### TO DO
Extract, from the records beneath this instruction, each line that contains the word "Prop".

### DATA LISTING
_ _ _ _ _ _ _

(* Fix integers $c\ge2$, $k\ge2$. Let $P$ be the RAM program that, on a dataset $x$ with $n=|x|$ (read from $\texttt{input\_len}$), performs independent biased coin flips where flip number $i+1$ ($i=0,1,2,\dots$) succeeds with probability $\frac{1}{(\max\{n-i,0\}+k)^c}$ (computed by forming $b=\max\{n-i,0\}+k$, computing $b^c$ by $c-1$ multiplications, and drawing randomness), stops at the first success, and outputs the number $i$ of unsuccessful flips preceding it; each loop iteration executes a fixed number of instructions independent of $x$ and $n$, so the runtime is a deterministic (affine) function of the output. Then $P$ is $\varepsilon$-JOT-DP in the unbounded setting, where $\varepsilon=2c\ln\!\big(\frac{k+1}{k-1}\big)$.
   Context: Datasets are finite sequences of records; two datasets are adjacent if their insert-delete distance (minimum number of single-record insertions/deletions transforming one into the other) is at most $1$. A program runs on $x$ in an execution environment $\mathit{env}$ (initial machine state) compatible with $x$, with random output $\mathrm{out}(P(x,\mathit{env}))$ and random runtime $T_P(x,\mathit{env})$ (number of RAM instructions executed). $P$ is $\varepsilon$-JOT-DP in the unbounded setting if for all adjacent datasets $x,x'$ of arbitrary lengths, all compatible $\mathit{env},\mathit{env}'$ and all sets $S$ of (output, runtime) pairs, $\Pr[(\mathrm{out}(P(x,\mathit{env})),T_P(x,\mathit{env}))\in S]\le e^{\varepsilon}\Pr[(\mathrm{out}(P(x',\mathit{env}')),T_P(x',\mathit{env}'))\in S]$. Thus the output has pmf $f_n(i)=p_n(i)\prod_{j=0}^{i-1}(1-p_n(j))$ with $p_n(j)=1/(\max\{n-j,0\}+k)^c$. *)

From Stdlib Require Import Reals List.
From Coquelicot Require Import Coquelicot.
Open Scope R_scope.

(* Success probability of coin flip number j+1 on a dataset of size n:
   p_n(j) = 1 / (max(n-j,0) + k)^c   (n - j is truncated nat subtraction). *)
Definition flip_p (c k n j : nat) : R := / (INR ((n - j) + k)%nat) ^ c.

Fixpoint fail_prod (c k n i : nat) : R :=
  match i with
  | O => 1
  | S i' => fail_prod c k n i' * (1 - flip_p c k n i')
  end.
Definition out_pmf (c k n i : nat) : R := flip_p c k n i * fail_prod c k n i.

Definition del_one {T : Type} (x x' : list T) : Prop :=
  exists (a b : list T) (r : T), x = a ++ r :: b /\ x' = a ++ b.

Definition adjacent {T : Type} (x x' : list T) : Prop :=
  x = x' \/ del_one x x' \/ del_one x' x.

(* The program P run on dataset x in environment env (compatible with x):
   the output i has pmf out_pmf c k |x|, and the runtime is the deterministic
   affine function t0 + t1 * i of the output (t0, t1 : instruction counts that
   do not depend on x, n or env). *)
Definition P_joint_prob {T Env : Type} (c k t0 t1 : nat)
    (x : list T) (env : Env) (S : nat * nat -> bool) : R :=
  Series (fun i => if S (i, (t0 + t1 * i)%nat) then out_pmf c k (length x) i else 0).

Definition JOT_DP_unbounded {T Env : Type} (compat : list T -> Env -> Prop)
    (Pr : list T -> Env -> (nat * nat -> bool) -> R) (eps : R) : Prop :=
  forall (x x' : list T) (env env' : Env),
    adjacent x x' -> compat x env -> compat x' env' ->
    forall S : nat * nat -> bool,
      Pr x env S <= exp eps * Pr x' env' S.

(* Write b_n(j) = max(n-j,0) + k, so that p_n(j) = b_n(j)^-c.  Since
   b_(n+1)(j+1) = b_n(j), the process on n+1 records is the process on n
   records preceded by one extra flip of probability q = (n+1+k)^-c:
   f_(n+1)(i+1) = (1-q) f_n(i).  Comparing f_(n+1)(i+1) with f_n(i+1) thus
   only involves the factors 1-q, 1-p_n(i) and p_n(i+1)/p_n(i), each of which
   lies within a factor R = ((k+1)/(k-1))^c of 1; hence the two pmfs differ
   pointwise by at most R^2 = exp eps, and the runtime, a function of the
   output, adds nothing. *)
From Stdlib Require Import Reals List Lra Lia.
From Coquelicot Require Import Coquelicot.
Open Scope R_scope.

Lemma flip_p_shift (c k n j : nat) : flip_p c k (S n) (S j) = flip_p c k n j.
Proof. reflexivity. Qed.

Lemma fail_prod_shift (c k n i : nat) :
  fail_prod c k (S n) (S i) = (1 - flip_p c k (S n) 0) * fail_prod c k n i.
Proof.
  induction i as [|i IH]; simpl; [ring|].
  simpl in IH; rewrite IH, flip_p_shift; ring.
Qed.

Lemma out_pmf_shift (c k n i : nat) :
  out_pmf c k (S n) (S i) = (1 - flip_p c k (S n) 0) * out_pmf c k n i.
Proof. unfold out_pmf; rewrite fail_prod_shift, flip_p_shift; ring. Qed.

Lemma out_pmf_succ (c k n i : nat) :
  out_pmf c k n (S i) = flip_p c k n (S i) * (1 - flip_p c k n i) * fail_prod c k n i.
Proof. unfold out_pmf; simpl; ring. Qed.

Definition flip_ratio (c k : nat) : R := ((INR k + 1) / (INR k - 1)) ^ c.

Lemma exp_twice_ln_flip_ratio (c k : nat) : (2 <= k)%nat ->
  exp (2 * INR c * ln ((INR k + 1) / (INR k - 1))) = flip_ratio c k ^ 2.
Proof.
  intros Hk; assert (HK : 2 <= INR k) by (apply (le_INR 2); lia).
  replace (2 * INR c) with (INR (c * 2)) by (rewrite mult_INR; simpl; ring).
  fold (Rpower ((INR k + 1) / (INR k - 1)) (INR (c * 2))).
  rewrite Rpower_pow by (apply Rdiv_lt_0_compat; lra).
  apply pow_mult.
Qed.

Section FlipBounds.

Variables c k : nat.
Hypothesis Hc : (1 <= c)%nat.
Hypothesis Hk : (2 <= k)%nat.

Let k_ge2 : 2 <= INR k.
Proof. apply (le_INR 2); lia. Qed.

Let base_ge (n j : nat) : INR k <= INR (n - j + k).
Proof. apply le_INR; lia. Qed.

Lemma flip_p_pos (n j : nat) : 0 < flip_p c k n j.
Proof.
  pose proof (base_ge n j); apply Rinv_0_lt_compat, pow_lt; lra.
Qed.

Lemma flip_p_le_inv_k (n j : nat) : flip_p c k n j <= / INR k.
Proof.
  pose proof (base_ge n j).
  apply Rinv_le_contravar; [lra|].
  destruct c as [|c']; [lia|]; simpl.
  rewrite <- (Rmult_1_r (INR k)) at 1.
  apply Rmult_le_compat; try lra; apply pow_R1_Rle; lra.
Qed.

Lemma flip_p_le_1 (n j : nat) : flip_p c k n j <= 1.
Proof.
  pose proof (flip_p_le_inv_k n j).
  assert (/ INR k <= 1) by (rewrite <- Rinv_1; apply Rinv_le_contravar; lra).
  lra.
Qed.

Lemma flip_ratio_ge_base : (INR k + 1) / (INR k - 1) <= flip_ratio c k.
Proof.
  unfold flip_ratio; rewrite <- pow_1 at 1.
  apply Rle_pow; [|lia].
  apply Rmult_le_reg_r with (INR k - 1); [lra|].
  unfold Rdiv; rewrite Rmult_assoc, Rinv_l; lra.
Qed.

Lemma flip_ratio_ge1 : 1 <= flip_ratio c k.
Proof.
  pose proof flip_ratio_ge_base.
  enough (1 <= (INR k + 1) / (INR k - 1)) by lra.
  apply Rmult_le_reg_r with (INR k - 1); [lra|].
  unfold Rdiv; rewrite Rmult_assoc, Rinv_l; lra.
Qed.

(* 1 - p >= 1 - 1/k = (k-1)/k >= (k-1)/(k+1). *)
Lemma flip_ratio_mul_one_sub_flip_p (n j : nat) :
  1 <= flip_ratio c k * (1 - flip_p c k n j).
Proof.
  pose proof (flip_p_le_inv_k n j); pose proof (flip_p_le_1 n j).
  apply Rle_trans with ((INR k + 1) / (INR k - 1) * (1 - / INR k)).
  - replace ((INR k + 1) / (INR k - 1) * (1 - / INR k))
      with ((INR k + 1) / INR k) by (field; lra).
    apply Rmult_le_reg_r with (INR k); [lra|].
    unfold Rdiv; rewrite Rmult_assoc, Rinv_l; lra.
  - assert (/ INR k <= 1) by (rewrite <- Rinv_1; apply Rinv_le_contravar; lra).
    apply Rmult_le_compat; [apply Rlt_le, Rdiv_lt_0_compat; lra|lra| |lra].
    exact flip_ratio_ge_base.
Qed.

Lemma flip_p_le_succ (n j : nat) : flip_p c k n j <= flip_p c k n (S j).
Proof.
  pose proof (base_ge n (S j)).
  apply Rinv_le_contravar; [apply pow_lt; lra|].
  apply pow_incr; split; [lra|]; apply le_INR; lia.
Qed.

(* b_n(j) <= b_n(j+1) + 1 <= ((k+1)/(k-1)) b_n(j+1), as b_n(j+1) >= k. *)
Lemma flip_p_succ_le (n j : nat) :
  flip_p c k n (S j) <= flip_ratio c k * flip_p c k n j.
Proof.
  set (r := (INR k + 1) / (INR k - 1)).
  set (b := INR (n - j + k)); set (b' := INR (n - S j + k)).
  assert (Hb : INR k <= b) by apply base_ge.
  assert (Hb' : INR k <= b') by apply base_ge.
  assert (Hbb' : b <= b' + 1) by (unfold b, b'; rewrite <- S_INR; apply le_INR; lia).
  assert (Hr0 : 0 < r) by (apply Rdiv_lt_0_compat; lra).
  assert (Hr : b' + 1 <= r * b').
  { unfold r; apply Rmult_le_reg_r with (INR k - 1); [lra|].
    replace ((INR k + 1) / (INR k - 1) * b' * (INR k - 1)) with ((INR k + 1) * b')
      by (field; lra).
    nra. }
  unfold flip_p, flip_ratio; fold r b b'.
  rewrite <- !pow_inv, <- Rpow_mult_distr.
  apply pow_incr; split; [apply Rlt_le, Rinv_0_lt_compat; lra|].
  replace (/ b') with (r * / (r * b')) by (field; lra).
  apply Rmult_le_compat_l; [lra|].
  apply Rinv_le_contravar; lra.
Qed.

Lemma fail_prod_nonneg (n i : nat) : 0 <= fail_prod c k n i.
Proof.
  induction i as [|i IH]; simpl; [lra|].
  pose proof (flip_p_le_1 n i); apply Rmult_le_pos; lra.
Qed.

Lemma out_pmf_nonneg (n i : nat) : 0 <= out_pmf c k n i.
Proof.
  apply Rmult_le_pos; [apply Rlt_le, flip_p_pos|apply fail_prod_nonneg].
Qed.

Lemma sum_n_out_pmf (n m : nat) : sum_n (out_pmf c k n) m = 1 - fail_prod c k n (S m).
Proof.
  induction m as [|m IH].
  - rewrite sum_O; unfold out_pmf; simpl; ring.
  - rewrite sum_Sn, IH; unfold plus; simpl; unfold out_pmf; simpl; ring.
Qed.

Lemma ex_series_out_pmf (n : nat) : ex_series (out_pmf c k n).
Proof.
  destruct (ex_finite_lim_seq_incr (sum_n (out_pmf c k n)) 1) as [l Hl].
  - intros m; rewrite sum_Sn; unfold plus; simpl.
    pose proof (out_pmf_nonneg n (S m)); lra.
  - intros m; rewrite sum_n_out_pmf.
    pose proof (fail_prod_nonneg n (S m)); lra.
  - exists l; exact Hl.
Qed.

Lemma out_pmf_succ_len_le (n i : nat) :
  out_pmf c k (S n) i <= flip_ratio c k * out_pmf c k n i.
Proof.
  pose proof flip_ratio_ge1.
  destruct i as [|i].
  - unfold out_pmf; simpl; rewrite !Rmult_1_r, <- (flip_p_shift c k n 0).
    pose proof (flip_p_le_succ (S n) 0); pose proof (flip_p_pos (S n) 1); nra.
  - rewrite out_pmf_shift, out_pmf_succ; unfold out_pmf.
    pose proof (flip_p_le_succ n i) as Hab.
    pose proof (flip_ratio_mul_one_sub_flip_p n i) as Ha.
    pose proof (flip_p_pos (S n) 0); pose proof (flip_p_pos n i).
    pose proof (flip_p_pos n (S i)); pose proof (fail_prod_nonneg n i).
    set (q := flip_p c k (S n) 0) in *; set (a := flip_p c k n i) in *.
    set (b := flip_p c k n (S i)) in *; set (F := fail_prod c k n i) in *.
    assert (0 <= q * (a * F)) by (apply Rmult_le_pos; [lra|apply Rmult_le_pos; lra]).
    apply Rle_trans with (b * F); [nra|].
    replace (flip_ratio c k * (b * (1 - a) * F))
      with ((flip_ratio c k * (1 - a)) * (b * F)) by ring.
    assert (0 <= b * F) by (apply Rmult_le_pos; lra).
    nra.
Qed.

Lemma out_pmf_le_succ_len (n i : nat) :
  out_pmf c k n i <= flip_ratio c k ^ 2 * out_pmf c k (S n) i.
Proof.
  pose proof flip_ratio_ge1.
  destruct i as [|i].
  - unfold out_pmf; simpl; rewrite !Rmult_1_r, <- (flip_p_shift c k n 0).
    pose proof (flip_p_succ_le (S n) 0); pose proof (flip_p_pos (S n) 0).
    assert (0 <= flip_ratio c k * flip_p c k (S n) 0) by (apply Rmult_le_pos; lra).
    nra.
  - rewrite out_pmf_shift, out_pmf_succ; unfold out_pmf.
    pose proof (flip_p_succ_le n i) as Hba.
    pose proof (flip_ratio_mul_one_sub_flip_p (S n) 0) as Hq.
    pose proof (flip_p_le_1 n i); pose proof (flip_p_pos n i).
    pose proof (flip_p_pos n (S i)); pose proof (fail_prod_nonneg n i).
    set (q := flip_p c k (S n) 0) in *; set (a := flip_p c k n i) in *.
    set (b := flip_p c k n (S i)) in *; set (F := fail_prod c k n i) in *.
    assert (b * F <= flip_ratio c k * a * F) by (apply Rmult_le_compat_r; lra).
    assert (0 <= a * (b * F)) by (apply Rmult_le_pos; [|apply Rmult_le_pos]; lra).
    apply Rle_trans with (flip_ratio c k * a * F); [nra|].
    replace (flip_ratio c k ^ 2 * ((1 - q) * (a * F)))
      with ((flip_ratio c k * (1 - q)) * (flip_ratio c k * a * F)) by ring.
    assert (0 <= flip_ratio c k * a * F) by (apply Rmult_le_pos; [nra|lra]).
    nra.
Qed.

Lemma out_pmf_adjacent_le (n n' i : nat) :
  n = n' \/ n = S n' \/ n' = S n ->
  out_pmf c k n i <= flip_ratio c k ^ 2 * out_pmf c k n' i.
Proof.
  pose proof flip_ratio_ge1.
  assert (HR2 : flip_ratio c k <= flip_ratio c k ^ 2) by (simpl; nra).
  intros [-> | [-> | ->]].
  - pose proof (out_pmf_nonneg n' i); nra.
  - pose proof (out_pmf_succ_len_le n' i); pose proof (out_pmf_nonneg n' i); nra.
  - apply out_pmf_le_succ_len.
Qed.

End FlipBounds.

Lemma ex_series_mask (P : nat -> bool) (b : nat -> R) :
  (forall i, 0 <= b i) -> ex_series b -> ex_series (fun i => if P i then b i else 0).
Proof.
  intros Hb Hex; apply (@ex_series_le R_AbsRing R_CompleteNormedModule _ b); [|exact Hex].
  intros i; change (norm ?x) with (Rabs x).
  specialize (Hb i); destruct (P i); rewrite Rabs_pos_eq; lra.
Qed.

Lemma Series_le_scal (a b : nat -> R) (C : R) :
  (forall i, 0 <= a i <= C * b i) -> ex_series b -> Series a <= C * Series b.
Proof.
  intros Hab Hex; rewrite <- Series_scal_l; apply Series_le; [exact Hab|].
  exact (@ex_series_scal_l R_AbsRing R_NormedModule C b Hex).
Qed.

Lemma del_one_length {T : Type} (x x' : list T) :
  del_one x x' -> length x = S (length x').
Proof. intros (a & b & r & -> & ->); rewrite !length_app; simpl; lia. Qed.

Theorem mainTheorem8 (c k t0 t1 : nat) (T Env : Type)
    (compat : list T -> Env -> Prop) :
  (2 <= c)%nat -> (2 <= k)%nat ->
  JOT_DP_unbounded compat (@P_joint_prob T Env c k t0 t1)
    (2 * INR c * ln ((INR k + 1) / (INR k - 1))).
Proof.
  intros Hc Hk x x' env env' Hadj _ _ A.
  assert (Hlen : length x = length x' \/ length x = S (length x')
                 \/ length x' = S (length x)).
  { destruct Hadj as [-> | [Hd | Hd]];
      [left; reflexivity | right; left | right; right]; exact (del_one_length _ _ Hd). }
  unfold P_joint_prob; rewrite exp_twice_ln_flip_ratio by exact Hk.
  apply Series_le_scal.
  - intros i; destruct (A _); [|lra]; split.
    + apply out_pmf_nonneg; lia.
    + apply out_pmf_adjacent_le; [lia|lia|exact Hlen].
  - apply ex_series_mask; [apply out_pmf_nonneg; lia|apply ex_series_out_pmf; lia].
Qed.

_ _ _ _ _ _ _

### WORKED SOLUTION
Definition del_one {T : Type} (x x' : list T) : Prop :=
Definition adjacent {T : Type} (x x' : list T) : Prop :=
Definition JOT_DP_unbounded {T Env : Type} (compat : list T -> Env -> Prop)
    (Pr : list T -> Env -> (nat * nat -> bool) -> R) (eps : R) : Prop :=
    (compat : list T -> Env -> Prop) :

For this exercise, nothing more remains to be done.